Furthermore, the microbial diversity between biodegradable and non-biodegradable plastics is distinct, as indicated by the Simpson and Shannon indices. Mercier et al. (2017) investigated the bacterial richness and diversity indices among plastic biofilms and observed higher bacterial operational taxonomic units (OTUs) and Shannon index on the PET surface, as compared to the three biodegradable polymers. Another study compared biodegradable and non-biodegradable plastic mulch films, and observed that the PLA/PHA film was colonized by a microbial community with remarkably fewer bacterial OTUs and a lower Simpson index than PE plastic (Bandopadhyay et al., 2020); this indicated that hydrophobic and non-biodegradable surfaces selected microorganisms less discriminately. Furthermore, a study on the fungal communities on the PET surface revealed that the number of OTUs and the Shannon index was nearly twice that of the BAT, PBS, and PHA surface (Mercier et al., 2017). Therefore, non-biodegradable plastics attract more diverse bacteria and fungi than biodegradable plastics.

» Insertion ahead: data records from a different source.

Definition first_label_zero pi := forall i : 'I_m, nat_of_ord i = 0 -> nat_of_ord (pi i) = 0.
Definition growth_by_one pi := forall i : 'I_m, 0 < i ->
  pi i <= 1 + \max_(j < m | j < i) nat_of_ord (pi j).

Lemma restricted_growth_max pi :
  restricted_growth pi -> first_label_zero pi /\ growth_by_one pi.
Proof.
move=> rg; split=> i i_cond.
  apply/eqP; rewrite -leqn0 leqNgt; apply/negP => lt.
  by have [j] := rg i (Ordinal (ltn_trans lt (ltn_ord _))) lt; rewrite i_cond.
rewrite leqNgt; apply/negP => lt.
have [j ji pjE] := rg i (Ordinal (ltn_trans lt (ltn_ord _))) lt.
have := @leq_bigmax_cond _ (fun j : 'I_m => j < i) (fun j => nat_of_ord (pi j)) j ji.
by rewrite pjE /= add1n ltnn.
Qed.

(* ... and conversely: a label k < pi i is at most the earlier maximum, attained
   at some j0 < i, so k = pi j0 or k occurs before j0 by induction. *)
Lemma max_restricted_growth pi :
  first_label_zero pi -> growth_by_one pi -> restricted_growth pi.
Proof.
move=> first growth; suff H n (i : 'I_m) : i < n -> forall k : 'I_p, k < pi i ->
    exists2 j : 'I_m, j < i & pi j = k by move=> i; exact: H (ltnSn i).
elim: n i => [|n IH] i //= lin k k_lt.
have [i0|i_pos] := posnP i; first by rewrite first in k_lt.
have earlier_nonempty : 0 < #|[pred j : 'I_m | j < i]|.
  by apply/card_gt0P; exists (Ordinal (ltn_trans i_pos (ltn_ord i))).
have [j0 j0i max_at_j0] :=
  @eq_bigmax_cond _ [pred j : 'I_m | j < i] (fun j => nat_of_ord (pi j)) earlier_nonempty.
have k_le : k <= pi j0.
  have := growth i i_pos; rewrite [\max_(_ < _ | _) _]max_at_j0 add1n => pi_i_le.
  by rewrite -ltnS; exact: leq_trans k_lt pi_i_le.
case: (ltngtP k (pi j0)) k_le => [k_lt0|//|k_eq] _; last by exists j0 => //; apply: val_inj.
have [j jj0 <-] := IH j0 (leq_trans j0i lin) k k_lt0.
by exists j => //; exact: ltn_trans jj0 j0i.
Qed.

(* Two restricted growth labellings with the same kernel coincide: a row with a
   new label gets the least unused label in both. *)
Lemma restricted_growth_unique pi pi' : restricted_growth pi -> restricted_growth pi' ->
  (forall i j, (pi i == pi j) = (pi' i == pi' j)) -> pi =1 pi'.
Proof.
move=> rg rg' same_kernel.
suff H n (i : 'I_m) : i < n -> pi i = pi' i by move=> i; exact: H (ltnSn i).
elim: n i => [|n IH] i //= lin.
have IHi (j : 'I_m) : j < i -> pi j = pi' j by move=> ji; exact: IH (leq_trans ji lin).
case: (boolP [exists j : 'I_m, (j < i) && (pi j == pi i)]).
  case/existsP => j /andP [ji same].
  by rewrite -(eqP same) -(eqP (etrans (esym (same_kernel j i)) same)) IHi.
rewrite negb_exists => /forallP new_label.
case: (ltngtP (pi i) (pi' i)) => [lt|gt|eq]; last exact: val_inj.
- have [j ji pjE] := rg' i (pi i) lt.
  by have := new_label j; rewrite ji IHi // pjE eqxx.
- have [j ji pjE] := rg i (pi' i) gt.
  by have := new_label j; rewrite ji same_kernel -IHi // pjE eqxx.
Qed.
End RestrictedGrowth.

Lemma inj_bounded_onto (T : finType) (S : {set T}) (F : T -> nat) :
  {in S &, injective F} -> (forall x, x \in S -> F x < #|S|) ->
  forall k, k < #|S| -> exists2 x, x \in S & F x = k.
Proof.
move=> F_inj F_bound k k_lt.
have img_uniq : uniq (map F (enum S)).
  by rewrite map_inj_in_uniq ?enum_uniq // => x y; rewrite !mem_enum; exact: F_inj.
have img_sub : {subset map F (enum S) <= iota 0 #|S|}.
  by move=> y /mapP [x]; rewrite mem_enum mem_iota add0n => /F_bound ? ->.
have img_size : size (iota 0 #|S|) <= size (map F (enum S)).
  by rewrite size_iota size_map -cardE.
have [_ img_eq] := uniq_min_size img_uniq img_sub img_size.
have : k \in iota 0 #|S| by rewrite mem_iota add0n.
by rewrite -img_eq => /mapP [x]; rewrite mem_enum => xS ->; exists x.
Qed.

Section CanonicalLabelling.
Variable m : nat.
Implicit Types B C D : {set 'I_m}.

Definition precedes B C : bool := [exists x in B, [forall c in C, x < c]].

Lemma precedes_irrefl B : ~~ precedes B B.
Proof. by apply/existsP => -[x /andP [xB /forall_inP /(_ x xB)]]; rewrite ltnn. Qed.

Lemma precedes_trans B C D : precedes B C -> precedes C D -> precedes B D.
Proof.
move=> /exists_inP [x xB /forall_inP x_lt] /exists_inP [y yC /forall_inP y_lt].
apply/exists_inP; exists x => //; apply/forall_inP => d dD.
exact: ltn_trans (x_lt y yC) (y_lt d dD).
Qed.

(* Compare the least elements: disjoint nonempty sets are always comparable. *)
Lemma precedes_disjoint B C : B != set0 -> C != set0 -> [disjoint B & C] ->
  precedes B C || precedes C B.
Proof.
move=> /set0Pn [b0 b0B] /set0Pn [c0 c0C] BC.
have [x xB x_min] := arg_minnP (fun x : 'I_m => nat_of_ord x) b0B.
have [y yC y_min] := arg_minnP (fun x : 'I_m => nat_of_ord x) c0C.
case: (ltngtP x y) => [lt|gt|/val_inj xy].
- apply/orP; left; apply/exists_inP; exists x => //.
  by apply/forall_inP => c /y_min; exact: leq_trans lt.
- apply/orP; right; apply/exists_inP; exists y => //.
  by apply/forall_inP => c /x_min; exact: leq_trans gt.
- by move: (disjointFr BC xB); rewrite xy (yC : y \in C).
Qed.

Variable P : {set {set 'I_m}}.
Hypothesis partP : partition P [set: 'I_m].

Definition block_rank B : nat := #|[set C in P | precedes C B]|.

Lemma block_rank_bound B : B \in P -> block_rank B < #|P|.
Proof.
move=> BP; apply: proper_card; apply/properP; split.
  by apply/subsetP => C; rewrite inE => /andP [].
by exists B => //; rewrite inE (negbTE (precedes_irrefl B)) andbF.
Qed.

Lemma block_rank_lt B C : B \in P -> precedes B C -> block_rank B < block_rank C.
Proof.
move=> BP BC; apply: proper_card; apply/properP; split.
  apply/subsetP => D; rewrite !inE => /andP [DP DB]; by rewrite DP (precedes_trans DB BC).
by exists B; rewrite !inE ?BP ?BC ?precedes_irrefl.
Qed.

Lemma precedes_blocks B C : B \in P -> C \in P -> B != C ->
  precedes B C || precedes C B.
Proof.
case/and3P: partP => _ /trivIsetP trivP set0P BP CP BC.
have nonempty D : D \in P -> D != set0 by move=> DP; apply: contraNneq set0P => <-.
exact: precedes_disjoint (nonempty B BP) (nonempty C CP) (trivP B C BP CP BC).
Qed.

Lemma block_rank_inj : {in P &, injective block_rank}.
Proof.
move=> B C BP CP rank_eq; apply/eqP; apply: contraTT isT => BC.
case/orP: (precedes_blocks BP CP BC) => [/(block_rank_lt BP)|/(block_rank_lt CP)];
  by rewrite rank_eq ltnn.
Qed.

Lemma pblockT_mem i : pblock P i \in P.
Proof. by apply: pblock_mem; rewrite (cover_partition partP) inE. Qed.

Lemma mem_pblockT i : i \in pblock P i.
Proof. by rewrite mem_pblock (cover_partition partP) inE. Qed.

The bacterial and fungal communities of biodegradable and non-biodegradable plastispheres are different in aquatic and terrestrial environments. Numerous studies have investigated biofilm colonization on biodegradable and non-biodegradable plastic surfaces in marine environments. Eich et al. (2015) found distinct biofilm communities on two polymer-type surfaces at benthic and pelagic sites. Diatoms of Striatella sp. were more abundant on biodegradable plastic than on PE plastic after 33 d (Eich et al., 2015). Following seawater incubation for 15 months, microbial communities on PLA were significantly different from that of seven other synthetic substrates, with Leptobacterium being the major contributor to the dissimilarity (Kirstein et al., 2018). Odobel et al. (2021) reported on the variations in mature biofilms on different polymer surfaces. They observed that Planctomycetaceae (12%) was the most abundant in PLA, whereas Saprospiraceae (19%) was the most abundant in polystyrene (PS; Odobel et al., 2021). Another study that focused on the freshwater environment concluded that the microbial composition between polyhydroxybutyrate (PHB) and PE varied remarkably, and the PHB surface consisted primarily of unclassified Moraxellaceae, whereas the PE surface hosted a significant amount of Erythromicrobium spp. (Gonzalez-Pleiter et al., 2021).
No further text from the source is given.